Unexplainable CPU load on Intel NUC

jbr

New Member
Jun 29, 2024
1
0
1
Hi all,

im running a double NUC proxmox environment for about 4 yours now. Love it!

The NUC's (NUC7I7BNH) are nearly identical, only thing thats is different is the SSD.

Anyhow, lately i saw that one the two had a continuous load on the CPU of 25% (as seen in summary-screen of proxmox). Its a system with 2 cores en ht, so 4 virtual cores.
I opened a shell, started top and saw that softirq.d and kworkers were using 25% and 75% (of 1 vcore that is assume), which explaines the 25% overall. There were NO vm's or lxc running that node.

After some furher digging (/proc/interrupts) i saw a whole load of thermal interrupts and saw that the temperature of both cpu's was nearly 100 degrees celcius (according to "sensors"). So, i exchanged the fan, and applied new thermal past.

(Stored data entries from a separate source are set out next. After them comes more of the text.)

(* Let $X_1,\dots,X_n$ be independent real-valued integrable random variables and define constants $\lambda_0=0$, $\lambda_k=\mathbb E\sqrt{X_k^2+\lambda_{k-1}^2}$ for $k=1,\dots,n$. Then $$\lambda_n\le\mathbb E\Big(\sum_{k=1}^nX_k^2\Big)^{1/2}\le2\lambda_n .$$ *)

From HB Require Import structures.
From mathcomp Require Import all_boot all_order all_algebra.
From mathcomp Require Import all_classical all_reals all_analysis.
Set Implicit Arguments. Unset Strict Implicit. Unset Printing Implicit Defensive.
Import Order.TTheory GRing.Theory Num.Theory.
Local Open Scope classical_set_scope.
Local Open Scope ring_scope.

(* Random variables are indexed by nat; only indices 1..n are used. *)

Definition mutually_independent {d} {T : measurableType d} {R : realType}
  (P : probability T R) (n : nat) (X : nat -> T -> R) : Prop :=
  forall (B : nat -> set R), (forall k, measurable (B k)) ->
  forall J : seq nat, uniq J -> all (fun k => (1 <= k <= n)%N) J ->
    P (\big[setI/setT]_(k <- J) (X k @^-1` B k)) =
    (\prod_(k <- J) P (X k @^-1` B k))%E.

Fixpoint lam {d} {T : measurableType d} {R : realType}
  (P : probability T R) (X : nat -> T -> R) (k : nat) : R :=
  match k with
  | 0 => 0
  | k'.+1 => fine (\int[P]_x (Num.sqrt (X k'.+1 x ^+ 2 + lam P X k' ^+ 2))%:E)
  end.

From HB Require Import structures.
From mathcomp Require Import all_boot all_order all_algebra.
From mathcomp Require Import all_classical all_reals all_analysis.
From mathcomp Require Import measurable_realfun ring lra.
Import Order.TTheory GRing.Theory Num.Theory.
Import numFieldTopology.Exports numFieldNormedType.Exports.
Local Open Scope classical_set_scope.
Local Open Scope ring_scope.
Set Implicit Arguments. Unset Strict Implicit. Unset Printing Implicit Defensive.

(* Write Y_k = (X_1^2 + ... + X_k^2)^(1/2) and M_k = hypot (X_k, lam_(k-1)), so that
   Y_k = hypot (X_k, Y_(k-1)) and lam_k = E M_k.

   Upper bound (no independence needed): y |-> hypot (x, y) is monotone and
   1-Lipschitz on [0, oo), so by induction Y_k <= lam_k + sum_(j <= k) (M_j - lam_(j-1))
   pointwise, using lam_(k-1) <= lam_k; the sum telescopes to lam_k in expectation.

   Lower bound: convexity of y |-> hypot (x, y) gives the tangent inequality
   Y_k >= M_k + V_k (Y_(k-1) - lam_(k-1)) with V_k = lam_(k-1) / M_k, a [0, 1]-valued
   function of X_k. By induction on k, lam_k P(A) <= E[Y_k; A] for every event A of the
   form {X_j in B_j for j in J} with J a set of indices above k. For such A, independence
   gives E[M_k; A] = lam_k P(A), and E[V_k (Y_(k-1) - lam_(k-1)); A] >= 0 because V_k is a
   uniform limit of nonnegative combinations of indicators of its superlevel sets, while
   A meets each superlevel set of V_k in another such event, where the induction
   hypothesis applies. Taking A the whole space gives lam_n <= E Y_n. *)


Definition hypot {R : rcfType} (x y : R) : R := Num.sqrt (x ^+ 2 + y ^+ 2).

Section hypot.
Variable R : rcfType.
Implicit Types x y a b l : R.

Lemma hypot_ge0 x y : 0 <= hypot x y.
Proof. exact: sqrtr_ge0. Qed.

Lemma sqr_hypot x y : hypot x y ^+ 2 = x ^+ 2 + y ^+ 2.
Proof. by rewrite sqr_sqrtr // addr_ge0 ?sqr_ge0. Qed.

Lemma hypot_le x y c : 0 <= c -> x ^+ 2 + y ^+ 2 <= c ^+ 2 -> hypot x y <= c.
Proof.
move=> c0 h; rewrite -(ger0_norm c0) -sqrtr_sqr ler_sqrt //; exact: sqr_ge0.
Qed.

Lemma ler_hypotr x y : 0 <= y -> y <= hypot x y.
Proof.
move=> y0; rewrite -[leLHS](ger0_norm y0) -sqrtr_sqr ler_sqrt ?lerDr ?sqr_ge0 //.
by rewrite addr_ge0 ?sqr_ge0.
Qed.

Lemma hypot_le_addr x y a b : 0 <= y -> 0 <= a -> 0 <= b -> y <= a + b ->
  hypot x y <= hypot x a + b.
Proof.
move=> y0 a0 b0 yab; have s0 := hypot_ge0 x a; have ss := sqr_hypot x a.
have sa := @ler_hypotr x a a0.
apply: hypot_le; [exact: addr_ge0 | nra].
Qed.

Lemma hypot_tangent x y l : 0 <= l -> 0 <= y ->
  hypot x l + l / hypot x l * (y - l) <= hypot x y.
Proof.
move=> l0 y0; set m := hypot x l; set q := hypot x y.
have [->|m_neq0] := eqVneq m 0; first by rewrite invr0 mulr0 mul0r addr0 hypot_ge0.
have m_gt0 : 0 < m by rewrite lt_def m_neq0 hypot_ge0.
have mm := sqr_hypot x l; have qq := sqr_hypot x y; have q0 := hypot_ge0 x y.
have -> : m + l / m * (y - l) = (x ^+ 2 + l * y) / m.
  by apply: (@mulIf _ m) => //; rewrite mulfVK // mulrDl mulrAC divfK // -expr2 mm; ring.
rewrite ler_pdivrMr //.
have qm0 : 0 <= q * m := mulr_ge0 q0 (ltW m_gt0).
have : (x ^+ 2 + l * y) ^+ 2 <= (q * m) ^+ 2.
  rewrite exprMn qq mm -subr_ge0.
  suff -> : (x ^+ 2 + y ^+ 2) * (x ^+ 2 + l ^+ 2) - (x ^+ 2 + l * y) ^+ 2 =
            (x * (y - l)) ^+ 2 by exact: sqr_ge0.
  ring.
nra.
Qed.

Lemma hypot_slope_ge0 y l : 0 <= l -> 0 <= l / hypot y l.
Proof. by move=> l0; rewrite divr_ge0 ?hypot_ge0. Qed.

Lemma hypot_slope_le1 y l : 0 <= l -> l / hypot y l <= 1.
Proof.
move=> l0; have [->|h_neq0] := eqVneq (hypot y l) 0; first by rewrite invr0 mulr0 ler01.
by rewrite ler_pdivrMr ?mul1r ?ler_hypotr // lt_def h_neq0 hypot_ge0.
Qed.

End hypot.

Lemma measurable_hypot d (T : measurableType d) (R : realType) (f g : T -> R) :
  measurable_fun setT f -> measurable_fun setT g ->
  measurable_fun setT (fun x => hypot (f x) (g x)).
Proof.
move=> mf mg; apply: measurableT_comp.
  exact: continuous_measurable_fun (@sqrt_continuous R).
by apply: measurable_funD; exact: measurable_funX.
Qed.

Lemma measurable_hypot_slope (R : realType) (l : R) :
  measurable_fun setT (fun y : R => l / hypot y l).
Proof.
have [->|l_neq0] := eqVneq l 0.
  by under eq_fun do rewrite mul0r; exact: measurable_cst.
apply: continuous_measurable_fun => y.
have hyp_neq0 : hypot y l != 0.
  by rewrite sqrtr_eq0 -ltNge ltr_wpDl ?sqr_ge0 // exprn_even_gt0.
have sq : {for y, continuous (fun z : R => z ^+ 2 + l ^+ 2)}.
  have cid : {for y, continuous (fun z : R => z)} by move=> ?; exact: cvg_id.
  have := continuousD (continuousM cid cid) (@cst_continuous R R (l ^+ 2) y).
  by move=> c ?; under eq_fun do rewrite expr2; exact: c.
have := @continuousV _ _ (fun z => hypot z l) y hyp_neq0
  (continuous_comp sq (@sqrt_continuous R _)).
exact: continuousM (@cst_continuous R R l y).
Qed.

Section staircase.
Variable R : realFieldType.

Definition staircase (N : nat) (v : R) : R :=
  N%:R^-1 * \sum_(i < N) ((i.+1%:R / N%:R <= v)%R : bool)%:R.

Lemma count_nat_le_bounds (N : nat) (a : R) : 0 <= a <= N%:R ->
  \sum_(i < N) ((i.+1%:R <= a)%R : bool)%:R <= a <=
  \sum_(i < N) ((i.+1%:R <= a)%R : bool)%:R + 1.
Proof.
elim: N a => [|N IH] a /andP[a0 aN]; first by rewrite big_ord0 add0r a0 (le_trans aN) ?ler01.
rewrite big_ord_recl /=.
under eq_bigr => i _ do rewrite /bump /= add1n -natr1 -lerBrDr.
have [a1|a1] := lerP 1 a.
  have := IH (a - 1); rewrite subr_ge0 a1 lerBlDr natr1 aN => /(_ isT).
  by move=> /andP[h1 h2]; rewrite /= mulr1n; apply/andP; split; lra.
rewrite big1 => [|i _]; last first.
  by apply/eqP; rewrite pnatr_eq0 eqb0 -ltNge (lt_le_trans _ (ler0n _ _)) // subr_lt0.
by rewrite /= mulr0n !add0r a0 ltW.
Qed.

Lemma staircase_bounds (N : nat) (v : R) : (0 < N)%N -> 0 <= v <= 1 ->
  0 <= staircase N v <= v /\ v - N%:R^-1 <= staircase N v.
Proof.
move=> N0 /andP[v0 v1]; have N0' : 0 < N%:R :> R by rewrite ltr0n.
have := @count_nat_le_bounds N (N%:R * v).
rewrite mulr_ge0 ?ler0n //= ler_piMr ?ler0n // => /(_ isT) /andP[].
under eq_bigr => i _ do rewrite -ler_pdivrMl // mulrC.
rewrite /staircase; set S := \sum_(i < N) _ => hS hS1.
have S0 : 0 <= S by apply: sumr_ge0 => i _; exact: ler0n.
rewrite mulr_ge0 ?invr_ge0 ?ler0n //; split.
  by rewrite ler_pdivrMl.
have -> : v - N%:R^-1 = N%:R^-1 * (N%:R * v - 1) by field; rewrite gt_eqF.
by rewrite ler_wpM2l ?invr_ge0 ?ler0n // lerBlDr.
Qed.

End staircase.

Lemma ge0_of_ge_oppr_divSn (R : archiFieldType) (C s : R) :
  (forall N : nat, - (C / N.+1%:R) <= s) -> 0 <= s.
Proof.
move=> hs; rewrite leNgt; apply/negP => s_lt0.
have ns_gt0 : 0 < - s by rewrite oppr_gt0.
have := hs (Num.truncn (C / - s)); rewrite lerNl.
set M := (Num.truncn _).+1%:R; have M_gt0 : 0 < M by rewrite ltr0Sn.
rewrite ler_pdivlMr // -ler_pdivlMl // mulrC => /(le_lt_trans)/(_ (truncnS_gt _)).
by rewrite ltxx.
Qed.

Section integral_lemmas.
Context d (T : measurableType d) (R : realType) (mu : {measure set T -> \bar R}).
Implicit Types (D A : set T).

Lemma integrable_sumr D I (s : seq I) (f : I -> T -> R) : measurable D ->
  (forall i, mu.-integrable D (EFin \o f i)) ->
  mu.-integrable D (EFin \o (fun x => \sum_(i <- s) f i x)).
Proof.
move=> mD fi.
apply: eq_integrable mD _ _ _ (integrable_sum mD s (P:=xpredT) (fun i _ => fi i)).
by move=> x _; rewrite /= sumEFin.
Qed.

Lemma integrable_add D (f g : T -> R) : measurable D ->
  mu.-integrable D (EFin \o f) -> mu.-integrable D (EFin \o g) ->
  mu.-integrable D (EFin \o (fun x => f x + g x)).
Proof.
move=> mD fi gi; apply: eq_integrable mD _ _ _ (integrableD mD fi gi).
by move=> x _; rewrite /= EFinD.
Qed.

After that the load was still 25% , but the temperatures didnt get up to 100% , but something in the 70-80 range.

Next thing i did was upgrading the bios. It went from version 0.88 tot 0.93 (i know, should have done that earlier). Rebooted the system.. and voila: only 0.5-1% load on the system! Hurray!

However, when i placed the nuc back into the cabinet (where my router , switches en nas are located) .. hello: the problem was back!

After some more fidlling it turns out that as long as there is a usb-stick attached to the NUC, the problem is gone. Removing it and rebooting, and the problems is there.

I've been working in IT for about 30 years, i've seen a lot, but this one is one of the weirdest things i've seen. I'm on a medium level when it comes to linux btw.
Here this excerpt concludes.